#### Excerpted records ####
Lemma unitary_diagRM n (V : 'M[C]_n) (u w : 'I_n -> R) : V \is unitarymx ->
  V^t* *m diagR u *m V *m (V^t* *m diagR w *m V) =
  V^t* *m diagR (fun k => u k * w k) *m V.
Proof.
move=> uV.
have -> : V^t* *m diagR u *m V *m (V^t* *m diagR w *m V) =
          V^t* *m (diagR u *m (V *m V^t*) *m diagR w) *m V by rewrite !mulmxA.
rewrite (unitarymxP uV) mulmx1 mul_diag_mx; congr (_ *m _ *m _).
apply/matrixP => i j; rewrite !mxE.
by case: eqP => [->|]; rewrite ?mulr0 ?mulr1n ?mulr0n // rmorphM.
Qed.

Lemma SvN_unitary_diagR n (V : 'M[C]_n) (u : 'I_n -> R) : V \is unitarymx ->
  SvN (V^t* *m diagR u *m V) = - \sum_k u k * ln (u k).
Proof.
by move=> uV; rewrite /SvN mxfun_unitary_diagR // unitary_diagRM // rtr_unitary_diagR.
Qed.

Lemma unitarymx_mulCV n (V : 'M[C]_n) : V \is unitarymx -> V^t* *m V = 1%:M.
Proof. by move=> uV; rewrite -invmx_unitary // mulVmx // unitarymx_unit. Qed.

Lemma mulmx_unitaryCK m n (A : 'M[C]_(m, n)) (V : 'M[C]_n) : V \is unitarymx ->
  A *m V^t* *m V = A.
Proof. by move=> uV; rewrite -mulmxA unitarymx_mulCV // mulmx1. Qed.

Lemma normal_unitary_diag n (A : 'M[C]_n) : A \is normalmx ->
  A = (spectralmx A)^t* *m diag_mx (spectral_diag A) *m spectralmx A.
Proof. by move=> /orthomx_spectralP {1}->; rewrite invmx_unitary ?spectral_unitarymx. Qed.

Definition eigval n (A : 'M[C]_n) (k : 'I_n) : R := complex.Re (spectral_diag A 0 k).

Lemma hermitian_unitary_diagR n (A : 'M[C]_n) : A \is hermsymmx ->
  A = (spectralmx A)^t* *m diagR (eigval A) *m spectralmx A.
Proof.
move=> hA; have /mxOverP realA := hermitian_spectral_diag_real hA.
rewrite {1}(normal_unitary_diag (hermitian_normalmx hA)).
have -> : spectral_diag A = \row_k (eigval A k)%:C%C.
  by apply/matrixP => i k; rewrite !mxE !ord1 /eigval RRe_real.
by [].
Qed.

Section Gibbs.
Variables (n : nat) (beta : R) (H : 'M[C]_n).
Hypotheses (n_gt0 : (0 < n)%N) (hermH : H \is hermsymmx).

Definition partition_fn : R := \sum_k expR (- (beta * eigval H k)).
Definition gibbs_weight (k : 'I_n) : R := expR (- (beta * eigval H k)) / partition_fn.

Lemma partition_fn_gt0 : 0 < partition_fn.
Proof.
rewrite /partition_fn; case: n n_gt0 H => // n' _ H'; rewrite big_ord_recl.
by rewrite ltr_pwDl ?expR_gt0 // sumr_ge0 // => k _; rewrite expR_ge0.
Qed.

Lemma gibbs_weight_gt0 k : 0 < gibbs_weight k.
Proof. by rewrite divr_gt0 ?expR_gt0 ?partition_fn_gt0. Qed.

Lemma gibbs_weight_sum1 : \sum_k gibbs_weight k = 1.
Proof. by rewrite -mulr_suml divff // gt_eqF // partition_fn_gt0. Qed.

Lemma ln_gibbs_weight k : ln (gibbs_weight k) = - (beta * eigval H k) - ln partition_fn.
Proof. by rewrite ln_div ?posrE ?expR_gt0 ?partition_fn_gt0 // expRK. Qed.

Lemma gibbs_unitary_diagR :
  gibbs beta H = (spectralmx H)^t* *m diagR gibbs_weight *m spectralmx H.
Proof.
rewrite /gibbs /mexp_neg {1 2}(hermitian_unitary_diagR hermH).
rewrite !mxfun_unitary_diagR ?spectral_unitarymx //.
rewrite mxtrace_unitary_diagR ?spectral_unitarymx // -fmorphV scalemxAl scalemxAr.
by rewrite scale_diagR.
Qed.

Lemma gibbs_energy : rtr (H *m gibbs beta H) = \sum_k eigval H k * gibbs_weight k.
Proof.
rewrite {1}(hermitian_unitary_diagR hermH) gibbs_unitary_diagR.
by rewrite unitary_diagRM ?rtr_unitary_diagR ?spectral_unitarymx.
Qed.

Lemma SvN_gibbs : SvN (gibbs beta H) = - \sum_k gibbs_weight k * ln (gibbs_weight k).
Proof. by rewrite gibbs_unitary_diagR SvN_unitary_diagR ?spectral_unitarymx. Qed.

Lemma SvN_gibbs_free_energy :
  SvN (gibbs beta H) = beta * rtr (H *m gibbs beta H) + ln partition_fn.
Proof.
rewrite SvN_gibbs gibbs_energy.
under eq_bigr => k _ do rewrite ln_gibbs_weight mulrBr.
rewrite sumrB -big_distrl /= gibbs_weight_sum1 mul1r mulr_sumr opprB -sumrN.
by rewrite addrC; congr (_ + _); apply: eq_bigr => k _; ring.
Qed.

End Gibbs.

Lemma unitary_diag_sum_rank1 n (V : 'M[C]_n) (d : 'rV[C]_n) :
  V^t* *m diag_mx d *m V = \sum_j d 0 j *: ((row j V)^t* *m row j V).
Proof.
rewrite diag_mx_sum_delta mulmx_sumr mulmx_suml; apply: eq_bigr => j _.
rewrite -scalemxAr -scalemxAl; congr (_ *: _).
rewrite rowE trmx_mul map_mxM.
have -> : (delta_mx 0 j : 'rV[C]_n)^t* = delta_mx j 0.
  by apply/matrixP => a b; rewrite !mxE conjC_nat andbC.
by rewrite -(mul_delta_mx (0 : 'I_1)) !mulmxA.
Qed.

Lemma row_unitary_unit n (V : 'M[C]_n) j : V \is unitarymx ->
  row j V *m (row j V)^t* = 1%:M.
Proof.
move=> uV; have := row_unitarymxP uV j j; rewrite dotmxE eqxx => e.
by apply/matrixP => a b; rewrite !ord1 e !mxE.
Qed.

Lemma unitary_rows_basis n (V : 'M[C]_n) : V \is unitarymx ->
  \sum_k (row k V)^t* *m row k V = 1%:M.
Proof.
move=> uV; have := unitary_diag_sum_rank1 V (const_mx 1).
rewrite diag_const_mx mulmx1 -[V^t*]mul1mx mulmxKtV // => ->.
by apply: eq_bigr => k _; rewrite mxE scale1r.
Qed.

Lemma rank1_mulmxC m n (x : 'rV[C]_n) (A : 'M[C]_(m, n)) :
  (x *m A^t*)^t* *m (x *m A^t*) = A *m (x^t* *m x) *m A^t*.
Proof. by rewrite trmx_mul map_mxM trmxCK !mulmxA. Qed.

Definition overlap n (V : 'M[C]_n) (x : 'rV[C]_n) (k : 'I_n) : R :=
  complex.Re ((x *m V^t*) 0 k * ((x *m V^t*) 0 k)^*).

Lemma overlap_ge0 n (V : 'M[C]_n) x k : 0 <= overlap V x k.
Proof. exact/Re_ge0/mul_conjC_ge0. Qed.

Lemma overlap_sum1 n (V : 'M[C]_n) x : V \is unitarymx -> x *m x^t* = 1%:M ->
  \sum_k overlap V x k = 1.
Proof.
move=> uV ux.
have : \sum_k (x *m V^t*) 0 k * ((x *m V^t*) 0 k)^* = 1.
  transitivity ((x *m V^t* *m (x *m V^t*)^t*) 0 0).
    by rewrite !mxE; apply: eq_bigr => k _; rewrite !mxE.
  by rewrite trmx_mul map_mxM trmxCK mulmxA mulmxKtV // ux mxE.
by move=> e; rewrite /overlap -(raddf_sum (@complex.Re R)) e.
Qed.

Lemma overlap_sum_basis (T : finType) (S : pred T) n (V : 'M[C]_n) (x : T -> 'rV[C]_n) k :
  V \is unitarymx -> \sum_(t | S t) (x t)^t* *m x t = 1%:M ->
  \sum_(t | S t) overlap V (x t) k = 1.
Proof.
move=> uV x_basis.
have : \sum_(t | S t) (x t *m V^t*) 0 k * ((x t *m V^t*) 0 k)^* = 1.
  transitivity ((V *m (\sum_(t | S t) (x t)^t* *m x t) *m V^t*) k k); last first.
    by rewrite x_basis mulmx1 (unitarymxP uV) mxE eqxx.
  rewrite mulmx_sumr mulmx_suml summxE; apply: eq_bigr => t _.
  by rewrite -rank1_mulmxC !mxE big_ord1 !mxE mulrC.
by move=> e; rewrite /overlap -(raddf_sum (@complex.Re R)) e.
Qed.

Lemma rtr_unitary_diagR_rank1 n (V : 'M[C]_n) (h : 'I_n -> R) (x : 'rV[C]_n) :
  rtr (V^t* *m diagR h *m V *m (x^t* *m x)) = \sum_k h k * overlap V x k.
Proof.
rewrite /rtr mulmxA mxtrace_mulC trace_mx11.
have -> : x *m (V^t* *m diagR h *m V *m x^t*) =
          x *m V^t* *m diagR h *m (x *m V^t*)^t*.
  by rewrite trmx_mul map_mxM trmxCK !mulmxA.
rewrite /overlap; move: (x *m V^t*) => y.
rewrite mxE (raddf_sum (@complex.Re R)); apply: eq_bigr => k _.
by rewrite mul_mx_diag !mxE -Re_realM mulrAC mulrC.
Qed.

Section Mixture.
Variables (T : finType) (n : nat) (x : T -> 'rV[C]_n) (a : T -> R) (S : pred T).
Hypotheses (n_gt0 : (0 < n)%N) (a_ge0 : forall t, 0 <= a t)
  (a_out : forall t, ~~ S t -> a t = 0) (a_sum1 : \sum_t a t = 1)
  (x_unit : forall t, S t -> x t *m (x t)^t* = 1%:M)
  (x_basis : \sum_(t | S t) (x t)^t* *m x t = 1%:M).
####
### How to complete this task
Each line from the start of the listing through the line with "Lemma unitarymx_mulCV n" is to be restated verbatim, both ends included.

### Written solution
Lemma unitary_diagRM n (V : 'M[C]_n) (u w : 'I_n -> R) : V \is unitarymx ->
  V^t* *m diagR u *m V *m (V^t* *m diagR w *m V) =
  V^t* *m diagR (fun k => u k * w k) *m V.
Proof.
move=> uV.
have -> : V^t* *m diagR u *m V *m (V^t* *m diagR w *m V) =
          V^t* *m (diagR u *m (V *m V^t*) *m diagR w) *m V by rewrite !mulmxA.
rewrite (unitarymxP uV) mulmx1 mul_diag_mx; congr (_ *m _ *m _).
apply/matrixP => i j; rewrite !mxE.
by case: eqP => [->|]; rewrite ?mulr0 ?mulr1n ?mulr0n // rmorphM.
Qed.

Lemma SvN_unitary_diagR n (V : 'M[C]_n) (u : 'I_n -> R) : V \is unitarymx ->
  SvN (V^t* *m diagR u *m V) = - \sum_k u k * ln (u k).
Proof.
by move=> uV; rewrite /SvN mxfun_unitary_diagR // unitary_diagRM // rtr_unitary_diagR.
Qed.

Lemma unitarymx_mulCV n (V : 'M[C]_n) : V \is unitarymx -> V^t* *m V = 1%:M.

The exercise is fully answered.